Quantcast
BuzzFeed/YouTube

Why I Took The Job As A 30-Year-Old Intern At BuzzFeed

Workin' Girl

One of the biggest life lessons I've learned is it's never too late to try something new.


In June of 2017, I was in a funk. My seven-year work anniversary at the High Museum of Art had just passed, I was losing steam running my stationery company, Mae B, and I wasn't being called in for auditions. As you can see, I am a jack of all trades, and while that can be fun, when nothing feels like it's working, life seems like one big merry-go-round. I knew that my hometown of Atlanta was stifling my creative ambitions, but the thought of packing up and moving to a new city scared me. But when God is ready for you to move, you move.

I heard Him loud and clear when I received an email from BuzzFeed.

The subject line read: Would Like To Schedule In-Person Interview for Style Resident Position.

At the start of 2017, I spent all of my spare time applying for jobs. Any job. After over six interviews, no one wanted to hire me. I thought to myself, "What's wrong with me?" I realized that walking into corporate companies as a creative entrepreneurial running a business devoted to women of color didn't excite the hiring managers. I was running a niche business, that to be frank, many of the interviewers didn't see as relevant experience. Maybe the naysayers in my life were right —I needed to get a "real" job.

As I sat in a Chick-fil-a parking lot, I received an email. I stared at the subject line, and couldn't believe that nearly six months after applying BuzzFeed was reaching out to me. The girl that was rejected from every job she'd applied for over a six-month period.
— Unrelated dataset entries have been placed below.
Lemma regime1_monotone l : (k <= l <= Tm)%N -> regime1 l `&` monotone = zero_path l.
Proof.
move=> /andP[kl lT]; apply/seteqP; split => w.
  move=> [/(regime_eq1 n ik_pm1) [ik1w nl0] mw]; split => // j /andP[kj jT].
  case: ifPn => [jl|_]; last by move: (mw j); rewrite kj jT => /(_ isT).
  have n0 m : (k <= m <= l)%N -> n m w = 0%N.
    move=> /andP[km ml]; apply/eqP; rewrite -leqn0 -nl0.
    by apply: monotone_le => //; rewrite km.
  by rewrite (n0 j) ?(n0 j.+1) // ?kj ?(ltnW jl) // (leq_trans kj (leqnSn j)).
move=> zw; split.
  apply/(regime_eq1 n ik_pm1); split; first by case: zw.
  by apply: (zero_path_n lT zw); rewrite kl leqnn.
move=> j jr; case: zw => _ /(_ j jr); by case: ifP => // _ ->; rewrite addn0.
Qed.

Lemma zero_path_regime1 l : (l <= Tm)%N ->
  zero_path l `<=` [set w | forall m, (k <= m <= l)%N -> i m w = 1].
Proof.
move=> lT w zw m ml; apply/(regime_eq1 n ik_pm1); split; first by case: zw.
exact: (zero_path_n lT zw).
Qed.

Definition survival l := \prod_(k <= j < l) expR (- nu j).

Lemma measure_zero_path A l : F k A -> (l <= Tm)%N ->
  P (A `&` zero_path l) = (P (A `&` ik1) * (survival l)%:E)%E.
Proof.
move=> FA lT; rewrite setIA.
apply: (measure_zero_increments (F_sub k) n_measurable nu_ge0 increments_indep) => //.
exact: sa_setI FA F_ik1.
Qed.

Lemma measure_regime1 l S : G l S -> (k <= l <= Tm)%N ->
  exists2 A, F k A & forall l', (l <= l' <= Tm)%N ->
    P (S `&` regime1 l') = (P (A `&` ik1) * (survival l')%:E)%E.
Proof.
move=> GS /andP[kl lT]; have [A FA SA] := gen_filtration_trace saF GS.
exists A => // l' /andP[ll' l'T].
have kl'T : (k <= l' <= Tm)%N by rewrite (leq_trans kl ll') l'T.
have mSl' := measurableI _ _ (G_measurable GS) (measurable_regime1 l').
rewrite -(measure_setI_monotone (F_sub k) n_measurable nu_ge0 increments_indep mSl').
rewrite -setIA (regime1_monotone kl'T).
have sub := subset_trans (zero_path_le ll') (zero_path_regime1 lT).
rewrite -(setIidr sub) setIA SA -setIA (setIidr sub).
exact: measure_zero_path.
Qed.

Lemma rprob_regime1S l S : G l S -> (k <= l < Tm)%N ->
  p (S `&` regime1 l.+1) = expR (- nu l) * p (S `&` regime1 l).
Proof.
move=> GS /andP[kl lT]; have [A FA hA] := measure_regime1 GS (introT andP (conj kl (ltnW lT))).
have mA1 := measurableI _ _ (F_measurable FA) (F_measurable F_ik1).
have pS l' : (l <= l' <= Tm)%N ->
    p (S `&` regime1 l') = p (A `&` ik1) * survival l'.
  by move=> ll'; rewrite /rprob (hA l' ll') (rprobE P mA1) -EFinM.
have ll : (l <= l <= Tm)%N by rewrite leqnn ltnW.
have ll1 : (l <= l.+1 <= Tm)%N by rewrite leqnSn.
by rewrite (pS _ ll1) (pS _ ll) /survival big_nat_recr //=; ring.
Qed.

Definition value l S :=
  qplus nu Tm l * p (S `&` regime1 l) + qminus Tm l * p (S `\` regime1 l).

Definition reward l S := p (S `\` regime1 l.+1) - p (S `&` regime1 l.+1).

Lemma value_Tm S : value Tm S = 0.
Proof. by rewrite /value qplus_Tm qminus_Tm !mul0r addr0. Qed.

Lemma le_value l S1 S2 : measurable S1 -> measurable S2 -> S1 `<=` S2 ->
  value l S1 <= value l S2.
Proof.
move=> m1 m2 S12; have mR := measurable_regime1 l.
rewrite lerD // ler_wpM2l ?qplus_ge0 ?ler0n //; apply: le_rprob.
- exact: measurableI. - exact: measurableI. - exact: setSI.
- exact: measurableD. - exact: measurableD. - exact: setSD.
Qed.

Lemma value_step l S : G l S -> (k <= l < Tm)%N ->
  reward l S + value l.+1 S
  = qminus Tm l * p (S `\` regime1 l) + qcont nu Tm l * p (S `&` regime1 l).
Proof.
move=> GS lr; have mS := G_measurable GS; have /andP[_ lT] := lr.
have eS := rprob_setID P mS (measurable_regime1 l).
have eS' := rprob_setID P mS (measurable_regime1 l.+1).
have eD : p (S `\` regime1 l.+1) = p S - p (S `&` regime1 l.+1) by rewrite eS'; ring.
rewrite /reward /value /qcont (qminusS _ lT) eD (rprob_regime1S GS lr) eS; ring.
Qed.

Lemma value_step_le l S : G l S -> (k <= l < Tm)%N ->
  reward l S + value l.+1 S <= value l S.
Proof.
move=> GS lr; have /andP[_ lT] := lr.
by rewrite value_step // /value addrC lerD2r ler_wpM2r ?rprob_ge0 ?qcont_le.
Qed.

Lemma value_step_eq l S : G l S -> (k <= l < Tm)%N ->
  qplus nu Tm l != 0 \/ p (S `&` regime1 l) = 0 ->
  reward l S + value l.+1 S = value l S.
Proof.
move=> GS lr; have /andP[_ lT] := lr.
by rewrite value_step // /value addrC => -[/(qplus_neq0 lT) ->|->]; rewrite ?mulr0.
Qed.
Lemma open_at_point P : open_at P -> P p0.
Proof. by move=> [Q [h H]]; apply: H. Qed.

Lemma rational_const c : rational_at (fun _ => c).
Proof.
exists (PConst _ c), (PConst _ 1); apply: open_at_imp open_at_true _ => p _ /=.
by rewrite oner_neq0 divr1.
Qed.

Lemma rational_var v : rational_at (fun p => p v).
Proof.
exists (PVar _ v), (PConst _ 1); apply: open_at_imp open_at_true _ => p _ /=.
by rewrite oner_neq0 divr1.
Qed.

Lemma rational_add f g : rational_at f -> rational_at g -> rational_at (fun p => f p + g p).
Proof.
move=> [nf [df Hf]] [ng [dg Hg]].
exists (PAdd (PMul nf dg) (PMul ng df)), (PMul df dg).
apply: open_at_imp (open_at_and Hf Hg) _ => p [[d1 e1] [d2 e2]] /=.
split; first by rewrite mulf_neq0.
by rewrite e1 e2; field; rewrite d1 d2.
Qed.

Lemma rational_mul f g : rational_at f -> rational_at g -> rational_at (fun p => f p * g p).
Proof.
move=> [nf [df Hf]] [ng [dg Hg]].
exists (PMul nf ng), (PMul df dg).
apply: open_at_imp (open_at_and Hf Hg) _ => p [[d1 e1] [d2 e2]] /=.
split; first by rewrite mulf_neq0.
by rewrite e1 e2; field; rewrite d1 d2.
Qed.

Lemma rational_eq f g : rational_at g -> (forall p, f p = g p) -> rational_at f.
Proof.
move=> [ng [dg Hg]] Hfg; exists ng, dg.
by apply: open_at_imp Hg _ => p; rewrite Hfg.
Qed.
When I opened the email, it read, "After our phone interview, we'd like to invite you in for an interview for our Style Resident position."

Before I knew it, I had a confirmed interview date, but I had one pretty big dilemma: I didn't have the money to book the $275 one-way ticket to fly to Los Angeles for the interview. The first person I called was my little sister, Morgan. She squealed with excitement and told me I no choice but to see this opportunity through. "Look up the flights and tell me how much they are, you're going to this interview."

A couple of days later, I packed my bag and took a trip to Los Angeles for the interview. As I sat on the four-hour flight, there was a part of me that felt like an imposter. I knew that I was creative, but I was also carrying the rejection from all of the interview before this one. On top of that, I knew that I didn't have the technical skills the position called for, so, I started counting myself out before I'd even landed in Los Angeles.

Now, you're probably wondering what a "Style Resident" is. To put it simply, it is a three-month crash course internship that could lead to a full-time producer position with the company.

I was flying across the country to interview to be a thirty-year-old intern.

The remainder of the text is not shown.